Профессор оказался ниже меня ростом, но смотрел свысока. Выбрит, сжатые губы, горделивая осанка, в глазах — неприступность. Кремень. Ко мне ни тени интереса даже из вежливости. Пришлось ещё более сбивчиво повторить причину, по которой посмел его обеспокоить. Сообразив, что у него ничего не просят, профессор, не глядя, принял книгу. «Нет времени», — услышал я, хотя профессор, кажется, не разжимал плотно сжатых губ. Да-да, конечно, – поспешил я заверить…
Куда там, профессор уже был в другом конце зала.

8
Спустя недели три – телефонный звонок. Что со мной говорит тот самый неприступный профессор, я не сразу понял. Мягким баритоном Алексей Кириллович сообщил: только что прочёл мою книгу и решил сразу же позвонить мне.
Ясность изложения сути так называемого современного искусства его просто восхитила.

— Какое безобразие скрыто за этим термином! А! — возмутился он. Завалы рухляди? – Нет! – инсталляции! Бессмысленная возня! – Что вы! – перформанс! Обыкновенное хулиганство. – Да вы совсем не догоняете – это ведь акционизм! Несть числа выдумщикам и затейникам, которые путём всяческого шантажа требуют рассматривать их выверты – современным, актуальным искусством, а их самих признавать современными художниками!

Неожиданно Алексей Кириллович назвал меня настоящим арийским учёным и перешёл к расовым вопросам в искусстве. Правда, никаких ответов в разделах заветной, а, может, и ветхозаветной конспирологической темы он так и не дал. Когда он выговорился, я, чтобы как-то отреагировать на его пробный шар, – а профессор явно прощупывал параметры моего мировоззренческого черепа: подлинно ли я арийский учёный или только так, на бумаге? – я высказался о двух цивилизациях: изобразительной и неизобразительной, обреченных на противостояние. Смелое обобщение восхитило профессора.
 
Усиливая его восхищение, «арийский учёный» вспомнил о Шпеере, и поведал о тайной теории нацистского архитектора. Прекрасная по классическим меркам архитектура даже в руинах не потеряет величия. Иллюстрацией в подтверждение – нью-йоркские башни ВТО, свежий пример. Рухнув, они оказались горой мусора, которую разгребали девять месяцев. Символическое начало XXI века по части изобразительности, не правда ли?
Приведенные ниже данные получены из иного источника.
(* For every protocol $\Pi$, there exists $(\mathsf C,j)\in\{\mathsf A,\mathsf B\}\times\mathbb N$ such that $\mathbb E_{\ell\leftarrow L_{\Pi_{(\mathsf C,j)}}}[M^{\mathsf C}_{\Pi_{(\mathsf C,j)}}(\ell)]=1$.
   Context: Protocols are $m$-round single-bit-message protocols $(\mathsf A,\mathsf B)$ identified with the complete binary tree of height $m$, with control scheme, edge probabilities $e_\Pi(u,ub)$, output $\chi_\Pi:\text{leaves}\to\{0,1\}$, visit probabilities $v_\Pi(u)$, leaf distribution $L_\Pi$; $\Pi_u$ is the subprotocol under $u$ (or $\perp$ if $v_\Pi(u)=0$); expectations over $L_\perp$ are $0$; $\mathbb E_{L_{\Pi_u}}[M]$ is the expectation of $M$ restricted to leaves under $u$. $\mathsf A$-dominated measure $M^{\mathsf A}_\Pi$: for a 0-round protocol with leaf $\ell$, $M^{\mathsf A}_\Pi(\ell)=\chi_\Pi(\ell)$; otherwise for a leaf with first bit $b$, with $\mu_c=\mathbb E_{L_{\Pi_c}}[M^{\mathsf A}_{\Pi_c}]$: value $0$ if $e_\Pi(\lambda,b)=0$; $M^{\mathsf A}_{\Pi_b}(\ell)$ if $e_\Pi(\lambda,b)=1$, or if $e_\Pi(\lambda,b)\in(0,1)$ and ($\mathsf A$ controls the root or $\mu_b\le\mu_{1-b}$); $\frac{\mu_{1-b}}{\mu_b}M^{\mathsf A}_{\Pi_b}(\ell)$ otherwise. $M^{\mathsf B}_\Pi$ is defined identically with $\mathsf A,\mathsf B$ exchanged and base case $1-\chi_\Pi(\ell)$; dominated measures of $\perp$ are zero. Conditional protocol: for $\mathbb E_{L_\Pi}[M]<1$, $\Pi|_M$ keeps control and output and has $e_{\Pi|_M}(u,ub)=0$ if $\mathbb E_{L_{\Pi_u}}[M]=1$, else $e_\Pi(u,ub)\frac{1-\mathbb E_{L_{\Pi_{ub}}}[M]}{1-\mathbb E_{L_{\Pi_u}}[M]}$; $\Pi|_M=\perp$ if $\mathbb E_{L_\Pi}[M]=1$ or $\Pi=\perp$. Sequence: $\Pi_{(\mathsf A,0)}=\Pi$, $\Pi_{(\mathsf B,j)}=\Pi_{(\mathsf A,j)}|_{M^{\mathsf A}_{\Pi_{(\mathsf A,j)}}}$, $\Pi_{(\mathsf A,j+1)}=\Pi_{(\mathsf B,j)}|_{M^{\mathsf B}_{\Pi_{(\mathsf B,j)}}}$. *)

From HB Require Import structures.
From mathcomp Require Import all_boot all_order all_algebra.
From mathcomp Require Import reals.
Set Implicit Arguments. Unset Strict Implicit. Unset Printing Implicit Defensive.
Import Order.TTheory GRing.Theory Num.Theory.
Local Open Scope ring_scope.

(* An m-round single-bit-message protocol, identified with the complete binary
   tree of height m.  Nodes are bit strings u : seq bool with size u <= m
   (the root is [::], the children of u are rcons u false / rcons u true),
   leaves are the strings of size exactly m.
   - ctrlA u = true  iff party A controls node u (otherwise B does);
   - edge u b        = e_Pi(u, ub);
   - out l           = chi_Pi(l) for leaves l.
   Values at non-nodes are irrelevant. *)
Record protocol (R : realType) := Protocol {
  height : nat;
  ctrlA : seq bool -> bool;
  edge : seq bool -> bool -> R;
  out : seq bool -> bool }.

Section Protocols.
Variable R : realType.

Definition valid (P : protocol R) : Prop :=
  forall u : seq bool, (size u < height P)%N ->
    (forall b, 0 <= edge P u b <= 1) /\ edge P u false + edge P u true = 1.

Fixpoint all_strings (n : nat) : seq (seq bool) :=
  match n with
  | 0 => [:: [::]]
  | n'.+1 => [seq b :: s | b <- [:: false; true], s <- all_strings n']
  end.

Definition visit (P : protocol R) (u : seq bool) : R :=
  \prod_(i < size u) edge P (take i u) (nth false u i).

Definition expect (P : protocol R) (M : seq bool -> R) : R :=
  \sum_(l <- all_strings (height P)) visit P l * M l.

(* Expectations over L_bot are 0; None stands for bot. *)
Definition expect_opt (oP : option (protocol R)) (M : seq bool -> R) : R :=
  match oP with None => 0 | Some P => expect P M end.

Definition shift (P : protocol R) (u : seq bool) : protocol R :=
  Protocol (height P - size u) (fun v => ctrlA P (u ++ v))
    (fun v => edge P (u ++ v)) (fun v => out P (u ++ v)).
Конечно, мне и без Шпеера ясно, что назначение классики – во что бы то ни стало противостоять изменениям. Выражать постоянство высших достижений усилий человеческого духа в поисках неизменного. Нацистский архитектор появился в разговоре почти «по просьбе наших слушателей». Надо же быть чутким. Кому-то необходим текст «Never more» Эдгара По в подлиннике, а кому-то, чтобы о том же самом поразмыслить или хотя бы каркнуть, достаточно вспомнить: «Чёрный ворон, что ты вьёшься над моею головой…» Я ведь читал не только Шпеера; о том же, о классике – птице-фениксе – писал и Дж. Фридман в монографии «Орфей в Средние века». Орфей ранних времён напомнил ему разбитую античную скульптуру, сложенную воедино из разбросанных кусков. Ей и без носа или рук суждена вечность. Но мог ли я, «арийский учёный», в разговоре с «арийским» же, ясное дело, профессором, опираться на высказывания англичанина с подозрительной фамилией Фридман? Он не понял бы меня.

9
Мои парадоксальные суждения поразили профессора свежестью и свободой мысли. Ему не приходилось сталкиваться с подходами к истории искусства, не отформатированными учёными советами и редколлегиями. Да и где, на каком этаже узких коридоров мысли его родного академического Элизиума встретил бы он что-то живое? Он радостно сообщил, что я удивительный искусствовед, и спросил: «Книга – наверно, по материалам диссертации?»

Гм... Лет двадцать назад мне, выпускнику художественного училища, не удалось поступить в его знаменитое учебное заведение. Высшего образования я не получил, а какая без него диссертация?

Помню, перед просмотром вступительных экзаменационных работ по специальным дисциплинам один преподаватель кафедры тащил застеклённые рамы с готовыми «пятёрочными» рисунками двум абитуриенткам-хохотушкам. Экзамены для них были формальностью, они этого не скрывали. Ещё среди поступавших на графику выделялся симпатичный казах деревенского вида. За время сдачи экзаменов мы подружились. Он доверительно показал пластмассовый браслет. Точно такие делали заключённые и моряки от скуки. В детстве мой дворовый приятель однажды поразил соседских мальчишек подобной штуковиной. Его брат вернулся с зоны и подарил ему часы «Ракета» с пёстрым самодельным браслетом. – «Ни за что не догадаетесь, из чего сделано!» ; изрёк герой, мгновенно возвысившись среди дворовых мальчишек по праву обладания невиданным сокровищем. Он недолго томил. Мы узнали, что двух разноцветных пластмассовых мыльниц для изготовления чудесного браслета достаточно. Они разрезаются на тонкие пластинки, которые протыкают накалённой иглой и нанизывают на леску. Чередование цветов на вкус.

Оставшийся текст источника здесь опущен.